Yesterday I watched a presentation by AEW UK REIT (AEWU) on the Investor Meet Company platform. This is a property investment trust which I hold but like many property companies the share price has done badly in recent weeks and it’s now on a discount to NAV of over 24%. The portfolio manager, Laura Elkin, explained that the company’s objective is to achieve a high income for investors through active management.
One of the main concerns of investors in such companies is that with interest rates rising, property investing may become less attractive as they typically have significant amounts of debt used to finance property purchases and may need to refinance their debt at more expensive levels. But AEWU have fixed their debt at 2.9% p.a. for the next 5 years and they have a high current cash holding. Their loan to NAV ratio is only 31%.
The current dividend yield is 8.7% although that is not covered by current earnings. This arises from some property disposals resulting in a high cash holding but they expect the dividend will soon be covered again.

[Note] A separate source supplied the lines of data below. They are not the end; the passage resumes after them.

(* Let $\mu>0$, $a\in\left(-\frac{2\mu}{9},0\right)\cup\left(0,\frac{4\mu}{9}\right)$ and $s_1\in\left[\frac{2\mu}{3},\infty\right)$. Then $\left|\frac{\beta_n(a,s_1)}{\beta_1(a,s_1)}\right|\le n$ for all $n\ge2$.
   Context: For real $a$ and $s_1>0$ let $H(s_1,\tilde z;a)=\dfrac{27a^2\tilde z\,(2s_1-3a)}{27a^3\tilde z-27a^2\tilde z s_1-(1-\tilde z)^2s_1^3}=\sum_{n\ge0}\beta_n(a,s_1)\tilde z^n$ (Taylor expansion about $\tilde z=0$), so that $\beta_1(a,s_1)=\frac{27a^2}{s_1^3}(3a-2s_1)$. *)

From Stdlib Require Import Reals Arith.
From Coquelicot Require Import Coquelicot.
Open Scope R_scope.

Definition H (s1 z a : R) : R :=
  27 * a ^ 2 * z * (2 * s1 - 3 * a) /
  (27 * a ^ 3 * z - 27 * a ^ 2 * z * s1 - (1 - z) ^ 2 * s1 ^ 3).

Definition beta (n : nat) (a s1 : R) : R :=
  Derive_n (fun z => H s1 z a) n 0 / INR (Factorial.fact n).

(* The denominator of H factors as -s1^3 (1 - t z + z^2) with
   t = 2 - 27 a^2 (s1 - a) / s1^3, so H(z) = beta_1 z / (1 - t z + z^2) and
   beta_n = beta_1 U_{n-1}(t/2), where U is the Chebyshev polynomial of the
   second kind.  Since 4 s1^3 - 27 a^2 (s1 - a) = (s1 + 3a)(2 s1 - 3a)^2, the
   hypotheses put t in [-2, 2], and there |U_{n-1}(t/2)| <= n for every n. *)

From Stdlib Require Import Reals Lra Lia Psatz.
From Coquelicot Require Import Coquelicot.
Open Scope R_scope.

Lemma PSeries_X y :
  PSeries (PS_incr_1 (fun j => match j with O => 1 | S _ => 0 end)) y = y.
Proof.
  rewrite PSeries_incr_1.
  assert (const : forall x,
      PSeries (fun j => match j with O => 1 | S _ => 0 end) x
      = Series (fun j => match j with O => 1 | S _ => 0 end)).
  { intros x; apply Series_ext; intros [|j]; simpl; ring. }
  rewrite const, <- (const 0), PSeries_0; simpl; ring.
Qed.

Section ChebyshevU.

Variable t : R.

(* [chebU n = U_{n-1}(t/2)]; its generating function is [z / (1 - t z + z^2)]. *)
Fixpoint chebU (n : nat) : R :=
  match n with
  | O => 0
  | S O => 1
  | S (S k as m) => t * chebU m - chebU k
  end.

Lemma chebU_SS n : chebU (S (S n)) = t * chebU (S n) - chebU n.
Proof. reflexivity. Qed.

Lemma chebU_cassini n :
  chebU (S n) ^ 2 - t * chebU (S n) * chebU n + chebU n ^ 2 = 1.
Proof.
  induction n as [|n IH]; [simpl; ring|].
  rewrite chebU_SS, <- IH; ring.
Qed.

Hypothesis t_bound : -2 <= t <= 2.

Lemma abs_chebU_succ_le n : Rabs (chebU (S n)) <= Rabs (chebU n) + 1.
Proof.
  pose proof (chebU_cassini n) as cassini.
  set (x := chebU (S n)) in *; set (y := chebU n) in *.
  (* complete the square in the Cassini identity *)
  assert (square_le : (x - t * y / 2) ^ 2 <= 1).
  { assert (0 <= (4 - t * t) * (y * y)) by (apply Rmult_le_pos; nra).
    nra. }
  assert (ty_le : Rabs (t * y / 2) <= Rabs y).
  { rewrite Rabs_div, Rabs_mult, (Rabs_right 2) by lra.
    pose proof (Rabs_pos y).
    assert (Rabs t <= 2) by (apply Rabs_le; lra).
    nra. }
  assert (Rabs (x - t * y / 2) <= 1).
  { apply Rabs_le; split; nra. }
  pose proof (Rabs_triang (x - t * y / 2) (t * y / 2)).
  replace (x - t * y / 2 + t * y / 2) with x in * by ring.
  lra.
Qed.

Lemma abs_chebU_le n : Rabs (chebU n) <= INR n.
Proof.
  induction n as [|n IH].
  - simpl; rewrite Rabs_R0; lra.
  - rewrite S_INR; pose proof (abs_chebU_succ_le n); lra.
Qed.

Lemma chebU_CV_radius : Rbar_le (1 / 2) (CV_radius chebU).
Proof.
  destruct (CV_radius_bounded chebU) as [radius_ub _].
  apply radius_ub; exists 1; intros n.
  rewrite Rabs_mult, <- RPow_abs, (Rabs_right (1 / 2)) by lra.
  assert (n_le_pow2 : INR n <= 2 ^ n).
  { replace 2 with (INR 2) by (simpl; ring).
    rewrite <- pow_INR; apply le_INR, Nat.lt_le_incl, Nat.pow_gt_lin_r; lia. }
  assert (pow_half : 2 ^ n * (1 / 2) ^ n = 1).
  { rewrite <- Rpow_mult_distr; replace (2 * (1 / 2)) with 1 by field; apply pow1. }
  pose proof (abs_chebU_le n); pose proof (pow_le (1 / 2) n ltac:(lra)).
  nra.
Qed.

Lemma ex_pseries_chebU y : Rabs y < 1 / 2 -> ex_pseries chebU y.
Proof.
  intros y_small; apply CV_radius_inside.
  eapply Rbar_lt_le_trans; [|exact chebU_CV_radius]; exact y_small.
Qed.

Lemma PSeries_chebU_mul y :
  Rabs y < 1 / 2 -> PSeries chebU y * (1 - t * y + y ^ 2) = y.
Proof.
  intros y_small.
  pose proof (ex_pseries_chebU y y_small) as ex_u.
  assert (ex_shift : ex_pseries (PS_scal (- t) (PS_incr_1 chebU)) y).
  { apply ex_pseries_scal; [apply Rmult_comm|]; apply ex_pseries_incr_1, ex_u. }
  (* the recurrence kills every coefficient of (1 - t z + z^2) chebU(z) but the linear one *)
  assert (coef : forall k,
    PS_plus (PS_plus chebU (PS_scal (- t) (PS_incr_1 chebU))) (PS_incr_n chebU 2) k
    = PS_incr_1 (fun j => match j with O => 1 | S _ => 0 end) k).
  { intros [|[|k]]; unfold PS_plus, PS_scal, PS_incr_1, plus, scal, zero, mult;
      cbn -[chebU]; [simpl; ring | simpl; ring | rewrite chebU_SS; ring]. }
  rewrite <- PSeries_X, <- (PSeries_ext _ _ y coef), !PSeries_plus.
  - rewrite PSeries_scal, PSeries_incr_1, PSeries_incr_n; ring.
  - exact ex_u.
  - exact ex_shift.
  - apply ex_pseries_plus; [exact ex_u | exact ex_shift].
  - apply ex_pseries_incr_n, ex_u.
Qed.

End ChebyshevU.

Definition chebU_arg (a s1 : R) : R := 2 - 27 * a ^ 2 * (s1 - a) / s1 ^ 3.

Lemma chebU_arg_bound a s1 :
  0 < s1 -> a <= s1 -> 0 <= s1 + 3 * a -> -2 <= chebU_arg a s1 <= 2.
Proof.
  intros s1_pos a_le s1_3a.
  assert (s1_cube : 0 < s1 ^ 3) by (apply pow_lt; lra).
  assert (discriminant_nonneg : 0 <= 4 * s1 ^ 3 - 27 * a ^ 2 * (s1 - a)).
  { replace (4 * s1 ^ 3 - 27 * a ^ 2 * (s1 - a))
      with ((s1 + 3 * a) * (2 * s1 - 3 * a) ^ 2) by ring.
    apply Rmult_le_pos; [lra | apply pow2_ge_0]. }
  assert (0 <= 27 * a ^ 2 * (s1 - a)) by (pose proof (pow2_ge_0 a); nra).
  unfold chebU_arg; split.
  - apply Rmult_le_reg_r with (s1 ^ 3); [lra|].
    replace ((2 - 27 * a ^ 2 * (s1 - a) / s1 ^ 3) * s1 ^ 3)
      with (2 * s1 ^ 3 - 27 * a ^ 2 * (s1 - a)) by (field; lra).
    lra.
  - assert (0 <= 27 * a ^ 2 * (s1 - a) / s1 ^ 3)
      by (apply Rdiv_le_0_compat; lra).
    lra.
Qed.

Lemma beta_eq_chebU a s1 n :
  0 < s1 -> -2 <= chebU_arg a s1 <= 2 ->
  beta n a s1 = 27 * a ^ 2 * (3 * a - 2 * s1) / s1 ^ 3 * chebU (chebU_arg a s1) n.
Proof.
  intros s1_pos t_bound.
  set (t := chebU_arg a s1) in *.
  set (c := 27 * a ^ 2 * (3 * a - 2 * s1) / s1 ^ 3).
  assert (radius : Rbar_lt 0 (CV_radius (chebU t))).
  { eapply Rbar_lt_le_trans; [|exact (chebU_CV_radius t t_bound)]; simpl; lra. }
  unfold beta.
  rewrite (Derive_n_ext_loc _ (fun z => c * PSeries (chebU t) z)).
  - rewrite Derive_n_scal_l, (Derive_n_coef _ _ radius).
    field; apply INR_fact_neq_0.
  - assert (half_pos : 0 < 1 / 2) by lra.
    exists (mkposreal _ half_pos); intros y y_near.
    assert (y_small : Rabs y < 1 / 2).
    { change (Rabs (y - 0) < 1 / 2) in y_near; rewrite Rminus_0_r in y_near; exact y_near. }
    assert (ty_le : t * y <= 2 * Rabs y).
    { unfold Rabs; destruct (Rcase_abs y); nra. }
    assert (quadratic_pos : 0 < 1 - t * y + y ^ 2) by nra.
    assert (denominator : 27 * a ^ 3 * y - 27 * a ^ 2 * y * s1 - (1 - y) ^ 2 * s1 ^ 3
                          = - s1 ^ 3 * (1 - t * y + y ^ 2)).
    { unfold t, chebU_arg; field; lra. }
    unfold H; rewrite denominator, <- (PSeries_chebU_mul t t_bound y y_small) at 1.
    unfold c; field; lra.
Qed.

Theorem mainTheorem5 (mu a s1 : R) :
  0 < mu ->
  ((- (2 * mu / 9) < a < 0) \/ (0 < a < 4 * mu / 9)) ->
  2 * mu / 3 <= s1 ->
  forall n : nat, (2 <= n)%nat ->
    Rabs (beta n a s1 / beta 1 a s1) <= INR n.
Proof.
  intros mu_pos a_range s1_ge n _.
  assert (s1_pos : 0 < s1) by lra.
  assert (a_nonzero : a <> 0) by (destruct a_range; lra).
  assert (beta1_factor_nonzero : 3 * a - 2 * s1 <> 0) by (destruct a_range; lra).
  assert (t_bound : -2 <= chebU_arg a s1 <= 2)
    by (apply chebU_arg_bound; destruct a_range; lra).
  rewrite !(beta_eq_chebU a s1 _ s1_pos t_bound).
  replace (chebU _ 1) with 1 by reflexivity.
  replace (_ * chebU _ n / (_ * 1)) with (chebU (chebU_arg a s1) n).
  - exact (abs_chebU_le _ t_bound n).
  - field; split; [|split]; try lra; apply pow_nonzero; lra.
Qed.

There are apparently opportunities arising to buy properties at good prices and they are having conversations with open-ended property fund managers who are having to dispose of assets after falls in the property sector and pension funds having to realise cash.

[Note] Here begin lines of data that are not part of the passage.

Lemma graph_open_sup_open U :
  countably_compact op -> graph_open op U -> metric_open sup_dist U.
Proof.
  intros Hcc HU f Uf. destruct (HU f Uf) as [G [HG [Gf HGU]]].
  destruct (tube (proj1_sig f) G Hcc (proj2_sig f) HG Gf) as [eps [He Hb]].
  exists (Rmin eps 1). split. apply Rmin_case; lra. intros g Hg. apply HGU.
  intro t. apply Hb. rewrite Rabs_minus_sym.
  pose proof (sup_dist_small f g (Rmin eps 1) t (Rmin_r _ _) Hg). pose proof (Rmin_l eps 1). lra.
Qed.

Lemma sup_open_graph_open U : metric_open sup_dist U -> graph_open op U.
Proof.
  intros HU f Uf. destruct (HU f Uf) as [eps [He Hb]].
  set (e := Rmin eps 1 / 2).
  assert (He' : 0 < e /\ e < eps)
    by (unfold e; pose proof (Rmin_l eps 1); pose proof (Rmin_r eps 1);
        split; [apply Rmin_case; lra | lra]).
  exists (fun p => Rabs (snd p - proj1_sig f (fst p)) < e). split; [|split].
  - intros x r Hr. simpl in Hr. set (del := e - Rabs (r - proj1_sig f x)).
    destruct (proj1 (cont_char T op Ht _) (proj2_sig f) x (del/2)) as [V [HV [Vx HVb]]].
    { unfold del; lra. }
    exists V, (del/2). repeat split; auto. unfold del; lra.
    intros y s Vy Hs. simpl. specialize (HVb y Vy).
    pose proof (Rabs_triang (s - r) (r - proj1_sig f x)).
    pose proof (Rabs_triang ((s - r) + (r - proj1_sig f x)) (proj1_sig f x - proj1_sig f y)).
    replace (s - r + (r - proj1_sig f x) + (proj1_sig f x - proj1_sig f y))
      with (s - proj1_sig f y) in H0 by ring.
    rewrite (Rabs_minus_sym (proj1_sig f x)) in H0. unfold del in *. lra.
  - intro t. simpl. rewrite Rminus_diag, Rabs_R0. lra.
  - intros g Hg. apply Hb. apply Rle_lt_trans with e; [|lra]. apply sup_dist_le_abs. lra.
    intro t. specialize (Hg t). simpl in Hg. rewrite Rabs_minus_sym. lra.
Qed.

(* C(X) is complete for the sup metric: a Cauchy sequence converges uniformly,
   and uniform limits of continuous functions are continuous. *)
Lemma sup_dist_complete : metric_complete sup_dist.
Proof.
  intros s Hs.
  assert (Hcs : forall t, Cauchy_crit (fun n => proj1_sig (s n) t)).
  { intros t eps He. destruct (Hs (Rmin eps 1)) as [N HN]. apply Rmin_case; lra.
    exists N. intros n m Hn Hm. unfold R_dist.
    pose proof (sup_dist_small (s n) (s m) (Rmin eps 1) t (Rmin_r _ _) (HN n m Hn Hm)).
    pose proof (Rmin_l eps 1). lra. }
  set (L := fun t => proj1_sig (R_complete _ (Hcs t))).
  assert (HL : forall t, Un_cv (fun n => proj1_sig (s n) t) (L t))
    by (intro t; apply (proj2_sig (R_complete _ (Hcs t)))).
  assert (Hunif : forall eps, 0 < eps -> exists N, forall n, (N <= n)%nat -> forall t,
              Rabs (proj1_sig (s n) t - L t) <= eps).
  { intros eps He. set (e1 := Rmin eps 1 / 2).
    assert (He1 : 0 < e1 /\ e1 <= eps /\ e1 <= 1)
      by (unfold e1; pose proof (Rmin_l eps 1); pose proof (Rmin_r eps 1);
          split; [apply Rmin_case; lra | lra]).
    destruct (Hs e1) as [N HN]. lra. exists N. intros n Hn t.
    apply Rnot_lt_le. intro Hc.
    destruct (HL t (Rabs (proj1_sig (s n) t - L t) - e1)) as [M HM]. lra.
    set (m := Nat.max N M). specialize (HM m ltac:(lia)). unfold R_dist in HM.
    pose proof (sup_dist_small (s n) (s m) e1 t ltac:(lra) (HN n m Hn ltac:(lia))).
    pose proof (Rabs_triang (proj1_sig (s n) t - proj1_sig (s m) t) (proj1_sig (s m) t - L t)).
    replace (proj1_sig (s n) t - proj1_sig (s m) t + (proj1_sig (s m) t - L t))
      with (proj1_sig (s n) t - L t) in H0 by ring.
    lra. }
  assert (HLc : continuous op R_open L).
  { apply (cont_uniform_limit T op Ht (fun n => proj1_sig (s n))).
    - intro n. apply (proj2_sig (s n)).
    - intros eps He. destruct (Hunif eps He) as [N HN]. exists N. apply HN, le_n. }
  exists (exist _ L HLc). intros eps He. destruct (Hunif (eps/2)) as [N HN]. lra.
  exists N. intros n Hn. apply Rle_lt_trans with (eps/2); [|lra].
  apply sup_dist_le_abs. lra. intro t. simpl. apply HN; auto.
Qed.

Lemma countably_compact_completely_metrizable :
  countably_compact op -> completely_metrizable (graph_open op).
Proof.
  intro Hcc. exists sup_dist. split; [apply sup_dist_metric|]. split; [apply sup_dist_complete|].
  intro U. split; [apply graph_open_sup_open; auto | apply sup_open_graph_open].
Qed.

End FunctionSpace.

(** * Series of continuous functions *)

Fixpoint partial_sum (a : nat -> R) (N : nat) : R :=
  match N with O => 0 | S N' => partial_sum a N' + a N' end.

Lemma partial_sum_mono a N M : (forall n, 0 <= a n) -> (N <= M)%nat -> partial_sum a N <= partial_sum a M.
Proof. intros Ha H. induction H. lra. simpl. pose proof (Ha m). lra. Qed.

Lemma partial_sum_zero a N : (forall n, (n < N)%nat -> a n = 0) -> partial_sum a N = 0.
Proof.
  induction N as [|N IH]; intro H; simpl; auto.
  rewrite (H N) by lia. rewrite IH. ring. intros n Hn. apply H. lia.
Qed.

Lemma partial_sum_tail a N K :
  (forall n, 0 <= a n) -> (forall n, (N <= n)%nat -> a n <= K * (/2)^(S n)) -> 0 <= K ->
  forall M, partial_sum a M <= partial_sum a N + K * (/2)^N.
Proof.
  intros Ha0 Ha HK M. pose proof (pow_le (/2) N ltac:(lra)).
  destruct (Nat.le_gt_cases M N) as [HMN|HMN].
  - pose proof (partial_sum_mono a M N Ha0 HMN). nra.
  - assert (Hk : forall k, partial_sum a (N + k) <= partial_sum a N + K * (/2)^N - K * (/2)^(N + k)).
    { induction k as [|k IH].
      - rewrite Nat.add_0_r. lra.
      - rewrite Nat.add_succ_r. simpl. pose proof (Ha (N + k)%nat ltac:(lia)) as Hb.
        simpl in Hb. lra. }
    replace M with (N + (M - N))%nat by lia. pose proof (Hk (M - N)%nat).
    pose proof (pow_le (/2) (N + (M - N)) ltac:(lra)). nra.
Qed.

Section Series.
Context {T : Type} (op : (T -> Prop) -> Prop).
Hypothesis Ht : is_topology op.

Lemma series_continuous (a : nat -> T -> R) :
  (forall n, continuous op R_open (a n)) -> (forall n t, 0 <= a n t <= (/2)^(S n)) ->
  exists L, continuous op R_open L /\
    (forall N t, partial_sum (fun n => a n t) N <= L t) /\
    (forall t b, (forall N, partial_sum (fun n => a n t) N <= b) -> L t <= b).
Proof.
  intros Hc Hb.
  assert (Htail : forall t N M, partial_sum (fun n => a n t) M <= partial_sum (fun n => a n t) N + (/2)^N).
  { intros t N M. rewrite <- (Rmult_1_l ((/2)^N)).
    apply partial_sum_tail; try lra; intros; rewrite ?Rmult_1_l; apply Hb. }
  assert (Hlub : forall t, {L | is_lub (fun r => exists N, r = partial_sum (fun n => a n t) N) L}).
  { intro t. apply completeness.
    - exists 1. intros r [N ->]. pose proof (Htail t O N). simpl in H. lra.
    - exists 0. exists O. auto. }
  set (L := fun t => proj1_sig (Hlub t)).
  assert (HL1 : forall N t, partial_sum (fun n => a n t) N <= L t)
    by (intros N t; apply (proj1 (proj2_sig (Hlub t))); exists N; auto).
  assert (HL2 : forall t b, (forall N, partial_sum (fun n => a n t) N <= b) -> L t <= b)
    by (intros t b Hb'; apply (proj2 (proj2_sig (Hlub t))); intros r [N ->]; auto).
  exists L. split; [|split; auto].
  apply (cont_uniform_limit T op Ht (fun N t => partial_sum (fun n => a n t) N)).
  - induction n as [|n IH]; simpl. apply cont_const; auto. apply cont_plus; auto.
  - intros eps He. destruct (pow_lt_1_zero (/2) ltac:(rewrite Rabs_right; lra) eps He) as [N HN].
    exists N. intro t. specialize (HN N (le_n N)). rewrite Rabs_right in HN.
    2:{ apply Rle_ge, pow_le. lra. }
    pose proof (HL1 N t). pose proof (HL2 t _ (Htail t N)).
    rewrite Rabs_left1; lra.
Qed.

Fixpoint running_min (w : nat -> R) (n : nat) : R :=
  match n with O => Rmin 1 (w O) | S m => Rmin (running_min w m) (w (S m)) end.

Lemma running_min_props (w : nat -> R) : (forall n, 0 < w n) ->
  forall n, 0 < running_min w n /\ running_min w n <= 1 /\ running_min w n <= w n.
Proof.
  intros Hw n. induction n as [|n IH]; simpl.
  - pose proof (Hw O). repeat split. apply Rmin_case; lra. apply Rmin_l. apply Rmin_r.
  - pose proof (Hw (S n)). destruct IH as [H1 [H2 H3]]. repeat split.
    apply Rmin_case; lra. pose proof (Rmin_l (running_min w n) (w (S n))); lra. apply Rmin_r.
Qed.

Lemma running_min_anti (w : nat -> R) n m : (n <= m)%nat -> running_min w m <= running_min w n.
Proof. intro H. induction H. lra. simpl. pose proof (Rmin_l (running_min w m) (w (S m))). lra. Qed.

Another question was whether their property leases were indexed linked. Generally not. Indexed linked leases often have a cap and collar which provides only limited protection and AEWU’s leases are generally fairly short term anyway so can often be relet at higher prices. But that does surely mean that if the economy grinds to a halt then vacancies might increase and pressure to reduce letting prices will rise.
One interesting comment was that the office market is being hit by the ESG agenda. Prices are being affected by the quality of the property in that regard and this is meaning some improvement of properties is required to make them more attractive before reletting.
This was a useful presentation and a recording is available. AEWU have a good long-term record but property trusts are currently out of favour. Taking a long-term view, commercial property is looking to me to be quite an attractive sector at current price levels and AEWU seems to be nimble enough to take advantage of opportunities.
There was news today of a proposed merger of JPMorgan Global Growth and Income (JGGI) trust with JPMorgan Elect (JPEI) trust. The latter is a rather peculiar investment trust with three classes of shares – Growth, Income and Cash. Holders of any of the latter can switch between the classes without incurring tax liabilities.
Total assets of Elect are relatively small at £341 million in comparison with JGGI’s £1446 million so it is certainly a rational move so far as Elect holders and the manager are concerned. Is there any benefit for JGGI holders? There is some minor advantage of a larger asset base reducing overall costs so I will probably vote in favour as a holder of JGGI.
Investing Basics: ShareSoc has launched a series of videos. See https://www.sharesoc.org/investor-academy/investing-basics/ . It’s a meritorious attempt to educate people on the basics of investment in an easy-to-use format and in a few short sessions. It may help some people although this may not be a good time to encourage people to take up stock market investment. The markets are volatile at present with poor returns in the short-term discouraging new investors.
But shares are beginning to look cheap particularly in the small cap sector and where can one get an income of 8.7% which is what AEWU is paying in dividends? No instant access bank or savings account is paying more than 2.5% while gilt yields are higher but still nowhere near 8.7%. There is a capital risk in investing in REITs but there is also in gilts. Corporate bonds may be another alternative to look at but information on those is quite limited.